Ассистентка Наташа привела ко мне Таню Друбич, учившуюся тогда в седьмом классе. На ней, помню, были черные рейтузы с как бы фонарями на коленках. Мне показалось, что у девочки были хорошие умные глаза, но все это мешалось с эстетикой «пухлости» — щеки пухлые, губы пухлые. И что еще удивляло, сниматься в кино она совсем не хотела.
— Это еще почему? — удивился я.
— Я уже наснималась. На студии Горького режиссер Туманян снимала меня в фильме «Пятнадцатая весна» в главной роли. Мне было неинтересно. Мне сниматься вообще не понравилось. Я больше сниматься не хочу. — Силком мы никого не тащим, — обидчиво успокоил я ее.

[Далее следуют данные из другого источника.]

Theorem mainTheorem7 (C : numClosedFieldType) (L K tau : nat)
  (hK : (K <= tau)%N)
  (sigma2 Pmax : C) (hsigma : 0 < sigma2) (hPmax : 0 < Pmax)
  (beta : 'I_L -> 'I_L -> 'I_K -> C) (hbeta : forall l i j, 0 < beta l i j)
  (alpha : 'I_L -> 'I_K -> C) (halpha : forall l k, 0 < alpha l k)
  (phi : 'I_tau -> 'cV[C]_tau)
  (hphi : forall s t, dotH (phi s) (phi t) = if s == t then tau%:R else 0)
  (mu : 'I_L -> 'I_K -> 'cV[C]_tau)
  (pstar : 'I_tau -> 'I_L -> 'I_K -> C)
  (hpstar_range : forall s l k, 0 <= pstar s l k <= Pmax)
  (hpstar_max : forall s l k q, 0 <= q <= Pmax ->
      gfun (cco alpha beta mu phi s l k) (bco alpha beta mu phi s l k) q
      <= gfun (cco alpha beta mu phi s l k) (bco alpha beta mu phi s l k)
              (pstar s l k)) :
  let piv := fun s l k =>
      gfun (cco alpha beta mu phi s l k) (bco alpha beta mu phi s l k)
           (pstar s l k) in
  let noise := sigma2 * \sum_(l < L) \sum_(k < K) alpha l k * dotH (mu l k) (mu l k) in
  (forall (p : 'I_L -> 'I_K -> C) (psi : 'I_L -> 'I_K -> 'cV[C]_tau),
      fobj sigma2 alpha beta p psi mu =
      \sum_(l < L) \sum_(k < K)
         (2 * sqrtC (p l k) * alpha l k * beta l l k * 'Re (dotH (mu l k) (psi l k))
          - p l k * dotH (psi l k) (Amat alpha beta mu l k *m psi l k))
      - noise) /\
  (exists x : 'I_tau -> 'I_L -> 'I_K -> bool, assign_feasible x /\
     forall y, assign_feasible y -> assign_obj piv y <= assign_obj piv x) /\
  (forall x, assign_feasible x ->
     (forall y, assign_feasible y -> assign_obj piv y <= assign_obj piv x) ->
     let p0 := fun l k => \sum_(s < tau) (x s l k)%:R * pstar s l k in
     let psi0 := fun l k => \sum_(s < tau) (x s l k)%:R *: phi s in
     feasible Pmax phi p0 psi0 /\
     fobj sigma2 alpha beta p0 psi0 mu = assign_obj piv x - noise /\
     (forall p psi, feasible Pmax phi p psi ->
        fobj sigma2 alpha beta p psi mu <= assign_obj piv x - noise)).
Proof.
move=> piv noise.
have phi_inj := orthonormal_inj hphi.
split; first exact: fobj_decouple.
split; first exact/optimal_assignment_exists/(profit_ge0 hpstar_range hpstar_max).
move=> x x_feasible x_opt p0 psi0; split; last split.
- exact: configuration_feasible.
- exact: fobj_configuration.
move=> p psi p_psi_feasible.
have y_feasible := assignment_of_feasible phi_inj p_psi_feasible.
rewrite (le_trans (fobj_le_assignment sigma2 phi_inj hpstar_max p_psi_feasible)) //.
by rewrite lerD2r; apply: x_opt.
Qed.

Но я ее все-таки запомнил. У нее были глаза разумного человека, что в таком возрасте встречается крайне редко. Скажу даже, что это были единственные разумные глаза, встретившиеся мне на всем пути поисков героини «Ста дней после детства». А пересмотрели мы тысячи детей. В отличие от меня, ассистентам моим Таня понравилась необычайно. Когда на следующий день я с еще большей интенсивностью стал требовать искать и искать Ерголину, мне слабо начали возражать:
— Зачем? Есть же хорошая девочка. Вы посмотрите на фотографию. Оказывается, они уже сделали Танину фотографию, которую я и посмотрел — с нее на меня глядели те самые исключительно разумные глаза. — Нет, — сказал я. — Не надо. — А что вам надо? — Совсем юная Ира Купченко.
Тут опять начинается метеорологический разговор про облака. Каким-то особым способом то магическое облако, которое образовалось из картины Кончаловского «Дворянское гнездо» с юной Купченко, каким-то образом в момент написания перенеслось и на эту несуществующую мною выдуманную девочку в этот момент.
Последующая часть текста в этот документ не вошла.